SOURCE RECORDS section start

(* d/db (b l - sqrt (b^2 - 1)) = l - b / sqrt (b^2 - 1) <= l - 1 <= 0 *)
Lemma sqrt_slope_antitone l b W : l <= 1 -> 1 <= b <= W ->
  W * l - sqrt (W ^ 2 - 1) <= b * l - sqrt (b ^ 2 - 1).
Proof.
  intros Hl Hb.
  pose proof (sqrt_pos (b ^ 2 - 1)); pose proof (sqrt_sq_sub_le_self b ltac:(lra)).
  pose proof (sqrt_pos (W ^ 2 - 1)); pose proof (sqrt_sq_sub_le_self W ltac:(lra)).
  assert (HAB : (sqrt (W ^ 2 - 1) - sqrt (b ^ 2 - 1)) * (sqrt (W ^ 2 - 1) + sqrt (b ^ 2 - 1))
                = (W - b) * (W + b)).
  { transitivity (sqrt (W ^ 2 - 1) ^ 2 - sqrt (b ^ 2 - 1) ^ 2); [ring|].
    rewrite !pow2_sqrt by nra; ring. }
  assert (W - b <= sqrt (W ^ 2 - 1) - sqrt (b ^ 2 - 1)); [|nra].
  destruct (Req_dec (sqrt (W ^ 2 - 1) + sqrt (b ^ 2 - 1)) 0); [nra|].
  apply (Rmult_le_reg_r (sqrt (W ^ 2 - 1) + sqrt (b ^ 2 - 1))); nra.
Qed.

Lemma sqrt_sq_sub_lipschitz X y q : 0 <= y <= X -> q <= y ^ 2 -> q < X ^ 2 ->
  sqrt (X ^ 2 - q) - sqrt (y ^ 2 - q) <= (X - y) * (2 * X / sqrt (X ^ 2 - q)).
Proof.
  intros Hy Hqy HqX.
  pose proof (pow2_sqrt (X ^ 2 - q) ltac:(nra)); pose proof (pow2_sqrt (y ^ 2 - q) ltac:(nra)).
  assert (HA : 0 < sqrt (X ^ 2 - q)) by (apply sqrt_lt_R0; nra).
  pose proof (sqrt_pos (y ^ 2 - q)).
  assert (sqrt (y ^ 2 - q) <= sqrt (X ^ 2 - q)) by (apply sqrt_le_1; nra).
  apply (Rmult_le_reg_r (sqrt (X ^ 2 - q))); [exact HA|].
  field_simplify; [nra|lra].
Qed.

Lemma mul_lt_sqrt_sq_sub_1 alpha W : 1 < W * sqrt (1 - alpha ^ 2) ->
  1 < W /\ W * alpha < sqrt (W ^ 2 - 1).
Proof.
  intros HWs; pose proof (sqrt_pos (1 - alpha ^ 2)).
  assert (Hs1 : sqrt (1 - alpha ^ 2) <= 1)
    by (rewrite <- sqrt_1 at 2; apply sqrt_le_1_alt; nra).
  assert (Hpos : 0 <= 1 - alpha ^ 2).
  { destruct (Rle_or_lt 0 (1 - alpha ^ 2)) as [|Hneg]; [assumption|].
    rewrite sqrt_neg_0 in HWs by lra; lra. }
  assert (HW : 1 < W) by nra.
  split; [exact HW|].
  assert (Hsq : (W * alpha) ^ 2 < sqrt (W ^ 2 - 1) ^ 2).
  { rewrite pow2_sqrt by nra.
    assert (W ^ 2 * sqrt (1 - alpha ^ 2) ^ 2 > 1) by nra.
    rewrite pow2_sqrt in * by exact Hpos; nra. }
  pose proof (sqrt_pos (W ^ 2 - 1)).
  destruct (Rlt_or_le (W * alpha) (sqrt (W ^ 2 - 1))) as [|Hge]; [assumption|nra].
Qed.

SOURCE RECORDS section end

- TASK INSTRUCTIONS -
Please output the listing in full, exactly as it was given above.

- EXERCISE RESULT -
(* d/db (b l - sqrt (b^2 - 1)) = l - b / sqrt (b^2 - 1) <= l - 1 <= 0 *)
Lemma sqrt_slope_antitone l b W : l <= 1 -> 1 <= b <= W ->
  W * l - sqrt (W ^ 2 - 1) <= b * l - sqrt (b ^ 2 - 1).
Proof.
  intros Hl Hb.
  pose proof (sqrt_pos (b ^ 2 - 1)); pose proof (sqrt_sq_sub_le_self b ltac:(lra)).
  pose proof (sqrt_pos (W ^ 2 - 1)); pose proof (sqrt_sq_sub_le_self W ltac:(lra)).
  assert (HAB : (sqrt (W ^ 2 - 1) - sqrt (b ^ 2 - 1)) * (sqrt (W ^ 2 - 1) + sqrt (b ^ 2 - 1))
                = (W - b) * (W + b)).
  { transitivity (sqrt (W ^ 2 - 1) ^ 2 - sqrt (b ^ 2 - 1) ^ 2); [ring|].
    rewrite !pow2_sqrt by nra; ring. }
  assert (W - b <= sqrt (W ^ 2 - 1) - sqrt (b ^ 2 - 1)); [|nra].
  destruct (Req_dec (sqrt (W ^ 2 - 1) + sqrt (b ^ 2 - 1)) 0); [nra|].
  apply (Rmult_le_reg_r (sqrt (W ^ 2 - 1) + sqrt (b ^ 2 - 1))); nra.
Qed.

Lemma sqrt_sq_sub_lipschitz X y q : 0 <= y <= X -> q <= y ^ 2 -> q < X ^ 2 ->
  sqrt (X ^ 2 - q) - sqrt (y ^ 2 - q) <= (X - y) * (2 * X / sqrt (X ^ 2 - q)).
Proof.
  intros Hy Hqy HqX.
  pose proof (pow2_sqrt (X ^ 2 - q) ltac:(nra)); pose proof (pow2_sqrt (y ^ 2 - q) ltac:(nra)).
  assert (HA : 0 < sqrt (X ^ 2 - q)) by (apply sqrt_lt_R0; nra).
  pose proof (sqrt_pos (y ^ 2 - q)).
  assert (sqrt (y ^ 2 - q) <= sqrt (X ^ 2 - q)) by (apply sqrt_le_1; nra).
  apply (Rmult_le_reg_r (sqrt (X ^ 2 - q))); [exact HA|].
  field_simplify; [nra|lra].
Qed.

Lemma mul_lt_sqrt_sq_sub_1 alpha W : 1 < W * sqrt (1 - alpha ^ 2) ->
  1 < W /\ W * alpha < sqrt (W ^ 2 - 1).
Proof.
  intros HWs; pose proof (sqrt_pos (1 - alpha ^ 2)).
  assert (Hs1 : sqrt (1 - alpha ^ 2) <= 1)
    by (rewrite <- sqrt_1 at 2; apply sqrt_le_1_alt; nra).
  assert (Hpos : 0 <= 1 - alpha ^ 2).
  { destruct (Rle_or_lt 0 (1 - alpha ^ 2)) as [|Hneg]; [assumption|].
    rewrite sqrt_neg_0 in HWs by lra; lra. }
  assert (HW : 1 < W) by nra.
  split; [exact HW|].
  assert (Hsq : (W * alpha) ^ 2 < sqrt (W ^ 2 - 1) ^ 2).
  { rewrite pow2_sqrt by nra.
    assert (W ^ 2 * sqrt (1 - alpha ^ 2) ^ 2 > 1) by nra.
    rewrite pow2_sqrt in * by exact Hpos; nra. }
  pose proof (sqrt_pos (W ^ 2 - 1)).
  destruct (Rlt_or_le (W * alpha) (sqrt (W ^ 2 - 1))) as [|Hge]; [assumption|nra].
Qed.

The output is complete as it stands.